Tupelo

A tuplespace that is fast, scalable, and language agnostic. Tupelo is designed for distribution of both computation and storage (disk and memory), in a unified language that has both transactional and tuple-operation (read/write/take) semantics.

This is the reference implementation in ruby. It should be able to communicate with implementations in other languages.

Documentation

Internals

Talk

Getting started

  1. Install ruby 2.0 or 2.1 (not 1.9) from http://ruby-lang.org. Examples and tests will not work on windows (they use fork and unix sockets) or jruby, though probably the underying libs will (using tcp sockets).

  2. Install the gem and its dependencies (you may need to sudo this):

    gem install tupelo
    
  3. Try running tup:

    $ tup
    >> w ["hello", "world"]
    >> ra
    => [["hello", "world"]]
    >> t [nil, nil]
    => ["hello", "world"]
    
  4. Take a look at the FAQ, tutorial, and the many examples.

Applications

Tupelo is a flexible base layer for various distributed programming paradigms: job queues, dataflow, map-reduce, etc. Using subspaces, it's also a transactional, replicated datastore with pluggable storage providers.

Advantages

Tupelo can be used to impose a unified transactional structure and distributed access model on a mixture of programs and stores. ("Polyglot persistence".) Need examples....

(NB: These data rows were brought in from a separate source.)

Lemma prefix_free_cat_inj (C : set word) (u u' s s' : word) :
  prefix_free C -> C u -> C u' -> u ++ s = u' ++ s' -> u = u' /\ s = s'.
Proof.
move=> C_pf Cu Cu' e.
suff uu' : u = u'.
  by split=> //; move: e; rewrite uu' => /(congr1 (drop (size u'))); rewrite !drop_size_cat.
wlog le_uu' : u u' s s' Cu Cu' e / (size u <= size u')%N.
  move=> wlog_le; have [le_uu'|/ltnW le_u'u] := leqP (size u) (size u').
    exact: (wlog_le u u' s s').
  by apply/esym/(wlog_le u' u s' s).
apply: C_pf => //; rewrite prefixE; apply/eqP.
by move/(congr1 (take (size u))): e; rewrite take_size_cat // takel_cat.
Qed.

Definition link_transcript (s : lhist) : word := flatten [seq m.1 ++ m.2 | m <- s].

Lemma tr_of_link_transcript (l : round -> word * word) h :
  tr_of l h = link_transcript (map l h).
Proof. by rewrite /tr_of /link_transcript -map_comp. Qed.

Section LinkParsing.
Variables (C1 C2 : lhist -> set word).
Hypothesis C1_pf : forall h, prefix_free (C1 h).
Hypothesis C2_pf : forall h, prefix_free (C2 h).

Definition link_wf (g s : lhist) := forall k, (k < size s)%N ->
  C1 (g ++ take k s) (nth ([::], [::]) s k).1 /\ C2 (g ++ take k s) (nth ([::], [::]) s k).2.

Lemma link_wf_prefix s g s' : link_wf g s -> link_wf g s' ->
  link_transcript s = link_transcript s' -> (size s <= size s')%N -> s = take (size s) s'.
Proof.
elim: s g s' => [|m s IH] g [|m' s'] //= wf wf' e le.
have [C1m C2m] := wf 0%N isT; have [C1m' C2m'] := wf' 0%N isT.
rewrite /= ?take0 !cats0 in C1m C2m C1m' C2m'.
move: e; rewrite /link_transcript /= -!catA => e.
have [e1 e2] := prefix_free_cat_inj (@C1_pf g) C1m C1m' e.
have [e3 e4] := prefix_free_cat_inj (@C2_pf g) C2m C2m' e2.
have mm' : m = m'.
  by case: m m' e1 e3 {wf wf' C1m C2m C1m' C2m' e e2 e4} => ? ? [? ?] /= -> ->.
rewrite -mm'; congr cons; apply: (IH (rcons g m)) => // k k_lt.
- by have := wf k.+1 k_lt; rewrite /= -cats1 -catA.
- by have := wf' k.+1 k_lt; rewrite /= -cats1 -catA mm'.
Qed.

End LinkParsing.

Lemma rounds_links_inj (a b : seq round) :
  map l12 a = map l12 b -> map l23 a = map l23 b -> map l31 a = map l31 b -> a = b.
Proof.
elim: a b => [|r a IH] [|r' b] //= [r12 e12] [r23 e23] [r31 e31].
rewrite (IH b e12 e23 e31); congr cons.
by case: r r' r12 r23 r31 => [[? ?] ?] [[? ?] ?]; rewrite /l12 /l23 /l31 /= => -> -> ->.
Qed.

Lemma prodr_gt0P (R : numDomainType) (m : nat) (F : 'I_m -> R) : (forall k, 0 <= F k)%R ->
  (0 < \prod_(k < m) F k)%R <-> (forall k, 0 < F k)%R.
Proof.
move=> F_ge0; split=> [prod_gt0 k|F_gt0]; last exact: prodr_gt0.
rewrite lt_neqAle F_ge0 andbT; apply/negP => /eqP Fk0.
by move: prod_gt0; rewrite (bigD1 k) //= -Fk0 mul0r ltxx.
Qed.

Lemma mulr3_gt0P (R : numDomainType) (a b c : R) : (0 <= a)%R -> (0 <= b)%R -> (0 <= c)%R ->
  (0 < a * b * c)%R <-> [/\ 0 < a, 0 < b & 0 < c]%R.
Proof.
move=> a_ge0 b_ge0 c_ge0; split=> [abc_gt0|[? ? ?]]; last by rewrite !mulr_gt0.
have := gt_eqF abc_gt0; rewrite !mulf_eq0 => /norP[/norP[a_neq0 b_neq0] c_neq0].
by split; rewrite lt_neqAle eq_sym ?a_neq0 ?b_neq0 ?c_neq0.
Qed.

Section ValidProtocol.
Variables (TX TY TZ : finType) (R : realType) (P : protocol TX TY TZ R).
Hypothesis P_valid : valid_protocol P.

Lemma codeAB_prefix_free h : prefix_free (codeAB P h). Proof. by case: P_valid. Qed.
Lemma codeBA_prefix_free h : prefix_free (codeBA P h). Proof. by case: P_valid => _ []. Qed.
Lemma codeBC_prefix_free h : prefix_free (codeBC P h). Proof. by case: P_valid => _ [_ []]. Qed.
Lemma codeCB_prefix_free h : prefix_free (codeCB P h).
Proof. by case: P_valid => _ [_ [_ []]]. Qed.
Lemma codeCA_prefix_free h : prefix_free (codeCA P h).
Proof. by case: P_valid => _ [_ [_ [_ []]]]. Qed.
Lemma codeAC_prefix_free h : prefix_free (codeAC P h).
Proof. by case: P_valid => _ [_ [_ [_ [_ []]]]]. Qed.

Lemma alice_kernel x h12 h31 : (forall m, 0 <= alice P x h12 h31 m)%R /\
  (forall u v, 0 < alice P x h12 h31 (u, v) -> codeAB P h12 u /\ codeAC P h31 v)%R.
Proof. by case: P_valid => _ [_ [_ [_ [_ [_ [H _]]]]]]; have [? [_ ?]] := H x h12 h31. Qed.

Lemma bob_kernel y h12 h23 : (forall m, 0 <= bob P y h12 h23 m)%R /\
  (forall u v, 0 < bob P y h12 h23 (u, v) -> codeBC P h23 u /\ codeBA P h12 v)%R.
Proof. by case: P_valid => _ [_ [_ [_ [_ [_ [_ [H _]]]]]]]; have [? [_ ?]] := H y h12 h23. Qed.

Lemma charlie_kernel h23 h31 : (forall m, 0 <= charlie P h23 h31 m)%R /\
  (forall u v, 0 < charlie P h23 h31 (u, v) -> codeCA P h31 u /\ codeCB P h23 v)%R.
Proof. by case: P_valid => _ [_ [_ [_ [_ [_ [_ [_ [H _]]]]]]]]; have [? [_ ?]] := H h23 h31. Qed.

Lemma out_kernel m23 m31 :
  (forall z, 0 <= out P m23 m31 z)%R /\ (\sum_(z : TZ) out P m23 m31 z = 1)%R.
Proof. by case: P_valid => _ [_ [_ [_ [_ [_ [_ [_ [_ H]]]]]]]]. Qed.

Lemma step_ge0 x y h r : (0 <= step P x y h r)%R.
Proof.
by rewrite !mulr_ge0 ?(alice_kernel _ _ _).1 ?(bob_kernel _ _ _).1 ?(charlie_kernel _ _).1.
Qed.

Lemma hprob_ge0 x y h : (0 <= hprob P x y h)%R.
Proof. by apply: prodr_ge0 => k _; exact: step_ge0. Qed.

Lemma hprob_gt0P x y h : (0 < hprob P x y h)%R <->
  (forall k, (k < size h)%N -> [/\
    0 < alice P x (map l12 (take k h)) (map l31 (take k h))
          ((l12 (nth eps_round h k)).1, (l31 (nth eps_round h k)).2),
    0 < bob P y (map l12 (take k h)) (map l23 (take k h))
          ((l23 (nth eps_round h k)).1, (l12 (nth eps_round h k)).2) &
    0 < charlie P (map l23 (take k h)) (map l31 (take k h))
          ((l31 (nth eps_round h k)).1, (l23 (nth eps_round h k)).2)]%R).
Proof.
have step_gt0P k :=
  mulr3_gt0P ((alice_kernel x (map l12 (take k h)) (map l31 (take k h))).1 _)
             ((bob_kernel y (map l12 (take k h)) (map l23 (take k h))).1 _)
             ((charlie_kernel (map l23 (take k h)) (map l31 (take k h))).1 _).
rewrite /hprob prodr_gt0P; last by move=> k; exact: step_ge0.
split=> [steps_gt0 k k_lt|kernels_gt0 k]; first exact/step_gt0P/(steps_gt0 (Ordinal k_lt)).
exact/step_gt0P/kernels_gt0.
Qed.

(* Alice's and Bob's messages depend only on their own input, so a run possible on inputs [(x, y)]
   and on [(x', y')] is also possible on [(x, y')]. *)
Lemma hprob_rectangle x y x' y' h : (0 < hprob P x y h)%R -> (0 < hprob P x' y' h)%R ->
  (0 < hprob P x y' h)%R.
Proof.
move=> /hprob_gt0P xy_gt0 /hprob_gt0P x'y'_gt0; apply/hprob_gt0P => k k_lt.
by have [? _ ?] := xy_gt0 k k_lt; have [_ ? _] := x'y'_gt0 k k_lt.
Qed.

Lemma hprob_gt0_link_wf x y h : (0 < hprob P x y h)%R ->
  [/\ link_wf (codeAB P) (codeBA P) [::] (map l12 h),
      link_wf (codeBC P) (codeCB P) [::] (map l23 h) &
      link_wf (codeCA P) (codeAC P) [::] (map l31 h)].
Proof.
move=> /hprob_gt0P h_gt0; split=> k; rewrite size_map => k_lt;
  rewrite /= -map_take (nth_map eps_round) //; have [a_gt0 b_gt0 c_gt0] := h_gt0 k k_lt.
- by have [? _] := (alice_kernel _ _ _).2 _ _ a_gt0; have [_ ?] := (bob_kernel _ _ _).2 _ _ b_gt0.
- by have [? _] := (bob_kernel _ _ _).2 _ _ b_gt0; have [_ ?] := (charlie_kernel _ _).2 _ _ c_gt0.
- by have [? _] := (charlie_kernel _ _).2 _ _ c_gt0; have [_ ?] := (alice_kernel _ _ _).2 _ _ a_gt0.
Qed.

Lemma hprob_gt0_prefix x y x' y' h h' : (0 < hprob P x y h)%R -> (0 < hprob P x' y' h')%R ->
  tr_of l12 h = tr_of l12 h' -> tr_of l23 h = tr_of l23 h' -> tr_of l31 h = tr_of l31 h' ->
  (size h <= size h')%N -> h = take (size h) h'.
Proof.
move=> /hprob_gt0_link_wf[wf12 wf23 wf31] /hprob_gt0_link_wf[wf12' wf23' wf31'].
rewrite !tr_of_link_transcript => e12 e23 e31 le; apply: rounds_links_inj; rewrite map_take.
- rewrite -(size_map l12 h).
  by apply: (link_wf_prefix codeAB_prefix_free codeBA_prefix_free wf12 wf12'); rewrite ?size_map.
- rewrite -(size_map l23 h).
  by apply: (link_wf_prefix codeBC_prefix_free codeCB_prefix_free wf23 wf23'); rewrite ?size_map.
- rewrite -(size_map l31 h).
  by apply: (link_wf_prefix codeCA_prefix_free codeAC_prefix_free wf31 wf31'); rewrite ?size_map.
Qed.
Lemma full_cfg_pile a r : a \in full_cfg -> val (a r) = M -> a = pile r.
Proof.
move=> fa arM; apply/ffunP => z; apply: val_inj; rewrite ffunE.
have [->|zr] := eqVneq z r; first exact: arM.
by have := full_cfg_pair_le fa zr; rewrite arM addnC -leq_subRL // subnn leqn0 => /eqP ->.
Qed.

Lemma reachable_pile a r : a \in full_cfg -> reach a (pile r).
Proof.
move=> fa; move: {2}(M - val (a r))%N (leqnn (M - val (a r))) => k.
elim: k a fa => [|k IHk] a fa le_ar.
  have arM : val (a r) = M by apply/eqP; rewrite eqn_leq -ltnS ltn_ord /= -subn_eq0 -leqn0.
  by rewrite (full_cfg_pile fa arM); exact: reachable_refl.
have [le_ark|lt_ar] := leqP (M - val (a r)) k; first exact: IHk.
have [u /andP [ur au]] : exists u, (u != r) && (0 < val (a u))%N.
  apply/existsP; apply: contraLR lt_ar => /existsPn a0; rewrite -leqNgt.
  rewrite -{1}(eqP fa) /coins (bigD1 r) //= big1 ?addn0 ?subnn // => z zr.
  by have := a0 z; rewrite zr /= lt0n negbK => /eqP.
have [p pth r_last] := connectP (e_conn u r).
have ab := reachable_move_coin_path pth fa au; rewrite -r_last in ab.
apply: (reachable_trans step_prob_ge0 ab).
apply: IHk (reachable_closed step_prob_closed fa ab) _.
by rewrite val_move_coin // eq_sym (negbTE ur) eqxx subn0 addn1 subnS; move: le_ar lt_ar; lia.
Qed.

Lemma full_cfg_connected a b : a \in full_cfg -> b \in full_cfg -> reach a b.
Proof.
move=> fa fb; have [r _] := exists_edge.
apply: (reachable_trans step_prob_ge0 (reachable_pile r fa)).
exact: (reachable_sym step_prob_sym (reachable_pile r fb)).
Qed.

Lemma law_kernel_pow xi0 t eta : law R V e M xi0 t eta = kernel_pow P t xi0 eta.
Proof. by elim: t eta => [|t IHt] eta //=; apply: eq_bigr => xi _; rewrite IHt. Qed.

Lemma card_full_cfg n : #|V| = n.+1 -> #|full_cfg| = 'C(M + n, n).
Proof.
move=> cardV.
rewrite -(card_redistributions (A := [set: V]) ([ffun=> ord0] : cfg V M) (m := M)) ?cardsT //.
apply: eq_card => a; rewrite !inE /coins.
have -> : (\sum_(v in [set: V]) val (a v) = \sum_v val (a v))%N.
  by apply: eq_bigl => v; rewrite inE.
by rewrite [X in X && _](_ : _ = true) //; apply/forall_inP => v; rewrite !inE.
Qed.

Lemma card_full_cfg_at (x : V) c n : #|V| = n.+2 -> (c <= M)%N ->
  #|[predI full_cfg & [pred a : cfg V M | val (a x) == c]]| = 'C(M - c + n, n).
Proof.
move=> cardV leMc.
rewrite -(card_redistributions (A := [set~ x]) ([ffun=> inord c] : cfg V M) (m := M - c))
  ?leq_subr ?cardsC1 ?cardV //.
apply: eq_card => a; rewrite !inE finset.setCK /coins (bigD1 x) //=.
have -> : (\sum_(v | v != x) val (a v) = \sum_(v in [set~ x]) val (a v))%N.
  by apply: eq_bigl => v; rewrite !inE.
apply/andP/andP => [[/eqP sum_a /eqP ax] | [/forall_inP ax /eqP sum_a]].
  split; last by apply/eqP; rewrite -[in RHS]sum_a ax addKn.
  by apply/forall_inP => v /set1P ->; rewrite ffunE; apply/eqP/val_inj; rewrite /= ax inordK.
have {}ax : val (a x) = c.
  by have := ax x (set11 x); rewrite ffunE => /eqP ->; rewrite /= inordK.
by rewrite ax sum_a subnKC.
Qed.

Local Open Scope classical_set_scope.

Theorem law_sum_cvg xi0 (Q : {pred cfg V M}) : xi0 \in full_cfg ->
  (fun t => \sum_(eta | Q eta) law R V e M xi0 t eta) @ \oo -->
    (#|[predI full_cfg & Q]|%:R / #|full_cfg|%:R : R).
Proof.
move=> full_xi0; under eq_cvg do under eq_bigr do rewrite law_kernel_pow.
apply: sum_kernel_pow_cvg full_xi0.
- exact: step_prob_ge0.
- exact: step_prob_sym.
- exact: step_prob_closed.
- exact: step_prob_stochastic.
- by move=> a _; apply: step_prob_diag_gt0.
- exact: full_cfg_connected.
Qed.

End UniformReshuffling.

Arguments full_cfg {V M}.

Local Open Scope classical_set_scope.

Theorem theorem1 (R : realType) (V : finType) (e : rel V) (N M : nat)
  (e_sym : symmetric e) (e_irr : irreflexive e)
  (e_conn : forall x y : V, connect e x y)
  (HN : #|V| = N) (HN2 : (2 <= N)%N)
  (xi0 : cfg V M) (Hxi0 : (\sum_(v : V) val (xi0 v))%N = M)
  (x : V) (c : nat) (Hc : (c <= M)%N) :
  (fun t => prob_at R e xi0 t x c) @ \oo -->
    (('C(M - c + N - 2, N - 2))%:R / ('C(M + N - 1, N - 1))%:R : R).
Proof.
have [n Nn] : exists n, N = n.+2 by exists (N - 2)%N; lia.
have V_gt1 : (1 < #|V|)%N by rewrite HN Nn.
have full_xi0 : xi0 \in full_cfg by rewrite inE /coins Hxi0.
have -> : 'C(M - c + N - 2, N - 2) = #|[predI full_cfg & [pred a : cfg V M | val (a x) == c]]|.
  by rewrite (card_full_cfg_at x (n := n)) ?HN ?Nn // !addnS !subSS !subn0.
have -> : 'C(M + N - 1, N - 1) = #|@full_cfg V M|.
  by rewrite (card_full_cfg M (n := n.+1)) ?HN ?Nn // !addnS !subSS !subn0.
exact: law_sum_cvg.
Qed.
(* Let $(D,\tau,d,\Delta)$ be a TMO instance with optimal makespan $\mathrm{OPT}$ (with $t$ reachable from $s$). Then there exists a flow over time in $D$ with unit arc capacities and transit times $\tau$, with time horizon $\mathrm{OPT}+\Delta$ and value at least $d\cdot\Delta$.
   Context: TMO instance $(D,\tau,d,\Delta)$: directed graph $D=(V,A)$ with source $s$, sink $t$, travel times $\tau:A\to\mathbb{Z}_{\ge0}$, $d\in\mathbb{Z}_{\ge1}$ trains, headway $\Delta\in\mathbb{Z}_{\ge1}$. A train routing assigns to each train $i\in[d]$ an $s$-$t$-path $P_i$ and entry times $\lambda_i:P_i\to\mathbb{Z}_{\ge0}$; it is feasible if $\lambda_i(a)+\tau_a\le\lambda_i(a')$ for consecutive arcs $a,a'$ of $P_i$ and $|\lambda_i(a)-\lambda_{i'}(a)|\ge\Delta$ for $i\ne i'$, $a\in P_i\cap P_{i'}$; makespan $=\max_i\max_{a\in P_i}(\lambda_i(a)+\tau_a)$; $\mathrm{OPT}$ is the minimum makespan. A flow over time with unit capacities and time horizon $T$ (continuous-time model) consists of measurable inflow rate functions $f_a:\mathbb{R}\to[0,1]$, $a\in A$, with $f_a(\theta)=0$ for $\theta\notin[0,T-\tau_a)$, where flow entering $a$ at time $\theta$ leaves $a$ at time $\theta+\tau_a$, satisfying flow conservation without storage at every $v\notin\{s,t\}$: $\sum_{a\in\delta^-(v)}f_a(\theta-\tau_a)=\sum_{a\in\delta^+(v)}f_a(\theta)$ for almost all $\theta$. Its value is the net amount of flow arriving at $t$ by time $T$, $\sum_{a\in\delta^-(t)}\int f_a-\sum_{a\in\delta^+(t)}\int f_a$. *)

From HB Require Import structures.
From mathcomp Require Import all_boot all_order all_algebra.
From mathcomp Require Import all_classical all_reals all_analysis.
Set Implicit Arguments. Unset Strict Implicit. Unset Printing Implicit Defensive.
Import Order.TTheory GRing.Theory Num.Theory.

(* A directed graph D = (V, A) is given by finite types V, A and maps
   tl hd : A -> V (tail and head of an arc); parallel arcs are allowed. *)

Definition is_st_path (V A : finType) (tl hd : A -> V) (s t : V) (p : seq A)
  : bool :=
  match p with
  | [::] => false
  | a0 :: p' =>
      [&& tl a0 == s, path (fun a b => hd a == tl b) a0 p',
          hd (last a0 p') == t & uniq (tl a0 :: map hd p)]
  end.

Definition reachable (V A : finType) (tl hd : A -> V) (s t : V) : bool :=
  connect (fun u v => [exists a, (tl a == u) && (hd a == v)]) s t.
(* The i-th coefficient of t in H (x) K is the vector [coef i t] of K that
   represents k |-> <t, a_i (x) k>.  With no Riesz theorem at hand, its
   existence is proved directly: the t admitting a representative form a closed
   subspace (K is complete and representatives are 1-Lipschitz in t) containing
   every elementary tensor.  The maps t |-> a_i (x) coef i t are pairwise
   orthogonal projections, so by Bessel's inequality the t that are the sum of
   their projections form a closed subspace; it contains the elementary tensors
   because (a_i) is a basis of H.  Hence t = sum_i a_i (x) coef i t, and H (x) B
   contains t iff B contains every coefficient of t: this is
   exists_H S = H (x) S^H.  Since coef i (h (x) b) = <h, a_i> b and some
   <h, a_i> is nonzero when h <> 0, the map B |-> H (x) B is injective, so S^H
   does not depend on the basis. *)

(* R[i] as a normed module over itself, so that inner products are maps
   between normed R[i]-modules. *)
HB.instance Definition _ (R : rcfType) :=
  NormedModule.copy (complex R) (complex R)^o.

Lemma morph_add0 (U W : zmodType) (f : U -> W) :
  {morph f : x y / x + y} -> f 0 = 0.
Proof. by move=> fD; apply: (addrI (f 0)); rewrite -fD !addr0. Qed.

Section InnerProduct.
Variable R : realType.
Local Notation C := R[i].
Variables (V : completeNormedModType C) (ip : V -> V -> C).
Hypothesis hV : is_inner_product ip.

Lemma ipDZl a x y z : ip (a *: x + y) z = a * ip x z + ip y z.
Proof. by case: hV. Qed.

Lemma ipC x y : ip y x = (ip x y)^*.
Proof. by case: hV. Qed.

Lemma ip_normE x : ip x x = `|x| ^+ 2.
Proof. by case: hV. Qed.

Lemma ipDl x y z : ip (x + y) z = ip x z + ip y z.
Proof. by rewrite -[x]scale1r ipDZl mul1r scale1r. Qed.

Lemma ip0l z : ip 0 z = 0.
Proof. exact: (morph_add0 (fun x y => ipDl x y z)). Qed.

Lemma ipZl a x z : ip (a *: x) z = a * ip x z.
Proof. by rewrite -[a *: x]addr0 ipDZl ip0l addr0. Qed.

Lemma ipBl x y z : ip (x - y) z = ip x z - ip y z.
Proof. by rewrite ipDl -scaleN1r ipZl mulN1r. Qed.

Lemma ipDr x y z : ip x (y + z) = ip x y + ip x z.
Proof. by rewrite ipC ipDl rmorphD (ipC y x) (ipC z x). Qed.

Lemma ip0r z : ip z 0 = 0.
Proof. by rewrite ipC ip0l rmorph0. Qed.

Lemma ipZr a x z : ip z (a *: x) = a^* * ip z x.
Proof. by rewrite ipC ipZl rmorphM (ipC x z). Qed.

Lemma ip_suml (J : Type) (r : seq J) (P : pred J) (F : J -> V) z :
  ip (\sum_(j <- r | P j) F j) z = \sum_(j <- r | P j) ip (F j) z.
Proof. exact: (big_morph (ip^~ z) (fun x y => ipDl x y z) (ip0l z)). Qed.

Lemma ip_sumr (J : Type) (r : seq J) (P : pred J) (F : J -> V) z :
  ip z (\sum_(j <- r | P j) F j) = \sum_(j <- r | P j) ip z (F j).
Proof. exact: (big_morph (ip z) (ipDr z) (ip0r z)). Qed.

Lemma ip_self_eq0 x : ip x x = 0 -> x = 0.
Proof. by rewrite ip_normE => /eqP; rewrite expf_eq0 /= normr_eq0 => /eqP. Qed.

Lemma ip_injl x y : (forall k, ip x k = ip y k) -> x = y.
Proof.
by move=> xy; apply/eqP; rewrite -subr_eq0; apply/eqP/ip_self_eq0; rewrite ipBl xy subrr.
Qed.

Lemma pythagoras u w : ip u w = 0 -> `|u + w| ^+ 2 = `|u| ^+ 2 + `|w| ^+ 2.
Proof.
move=> uw; have wu : ip w u = 0 by rewrite ipC uw rmorph0.
by rewrite -!ip_normE ipDl !ipDr uw wu addr0 add0r.
Qed.

Lemma cauchy_schwarz x y : `|ip x y| <= `|x| * `|y|.
Proof.
have [->|y0] := eqVneq y 0; first by rewrite ip0r !normr0 mulr0.
have yy0 : ip y y != 0 by apply: contra_neq y0; apply: ip_self_eq0.
have ny0 : 0 < `|y| by rewrite normr_gt0.
set t := ip x y / ip y y.
(* [x = (x - t y) + t y] is an orthogonal decomposition *)
have orth : ip (x - t *: y) (t *: y) = 0.
  by rewrite ipBl !ipZr ipZl /t -(mulrA (ip x y)) mulVf // mulr1 subrr.
have : `|t *: y| <= `|x|.
  by rewrite -ler_sqr ?nnegrE // -[x](subrK (t *: y)) pythagoras // lerDr exprn_ge0.
rewrite normrZ /t normrM normfV ip_normE normrX normr_id.
by rewrite expr2 invfM mulrA mulfVK ?gt_eqF // ler_pdivrMr.
Qed.

End InnerProduct.

Section Topology.
Variable R : realType.
Local Notation C := R[i].

Lemma lipschitz_continuous (V W : normedModType C) (f : V -> W) (c : C) :
  0 <= c -> (forall x y, `|f x - f y| <= c * `|x - y|) -> continuous f.
Proof.
move=> c0 fc x; apply/cvgrPdist_lt => e e0.
have c1 : 0 < c + 1 by rewrite ltr_wpDl.
near=> y; apply: (le_lt_trans (fc x y)).
rewrite (@le_lt_trans _ _ ((c + 1) * `|x - y|)) ?ler_wpM2r ?lerDl //.
rewrite -ltr_pdivlMl // mulrC; near: y.
by apply: cvgr_dist_lt; rewrite ?divr_gt0.
Unshelve. all: by end_near. Qed.

Lemma ipl_continuous (V : completeNormedModType C) (ip : V -> V -> C) :
  is_inner_product ip -> forall z, continuous (ip^~ z).
Proof.
move=> hV z; apply: (lipschitz_continuous (c := `|z|)) => // x y.
by rewrite -(ipBl hV) mulrC cauchy_schwarz.
Qed.

Global Instance totally_filter (I : choiceType) : ProperFilter (@totally I).
Proof.
apply: filter_from_proper => [|A _]; last by exists A => /=.
apply: filter_from_filter => [|A B _ _]; first by exists fset0%fset.
exists (A `|` B)%fset => // D /= AB_D.
by split; apply: fsubset_trans AB_D; rewrite ?fsubsetUl ?fsubsetUr.
Qed.


Lemma near_totally_in (I : choiceType) (j : I) :
  \forall A \near (@totally I), j \in A.
Proof. by exists [fset j]%fset => // A /= /fsubsetP; apply; rewrite inE. Qed.

Lemma has_sum_single (I : choiceType) (V : normedModType C) (f : I -> V) j :
  (forall i, i <> j -> f i = 0) -> has_sum f (f j).
Proof.
move=> fj; apply: cvg_near_cst; apply: filterS (near_totally_in j) => A jA.
rewrite /partial_sum (bigD1 [` jA]%fset) //= big1 ?addr0 // => i ij.
by rewrite fj // => e; rewrite -(inj_eq val_inj) /= e eqxx in ij.
Qed.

Speed (latency, throughput):

  • minimal system-wide bottlenecks

  • non-blocking socket reads

  • read -- local and hence very fast

  • write -- fast, pipelined (waiting for acknowledgement is optional);

  • transactions -- combine several takes and writes, reducing latency and avoiding locking

Can use optimal data structure for each subspace of tuplespace.

Decouples storage from query. (E.g. archiver for storage, optimized for just insert, delete, dump. And in-memory data structure, such as red-black tree, optimized for sorted query.)

Each client can have its own matching agorithms and api -- matching is not part of the comm protocol, which is defined purely in terms of tuples.

Data replication is easy--hard to avoid in fact.

Limitations

Better for small messages, because they tend to propagate widely.

May stress network and local memory (but subspaces can help).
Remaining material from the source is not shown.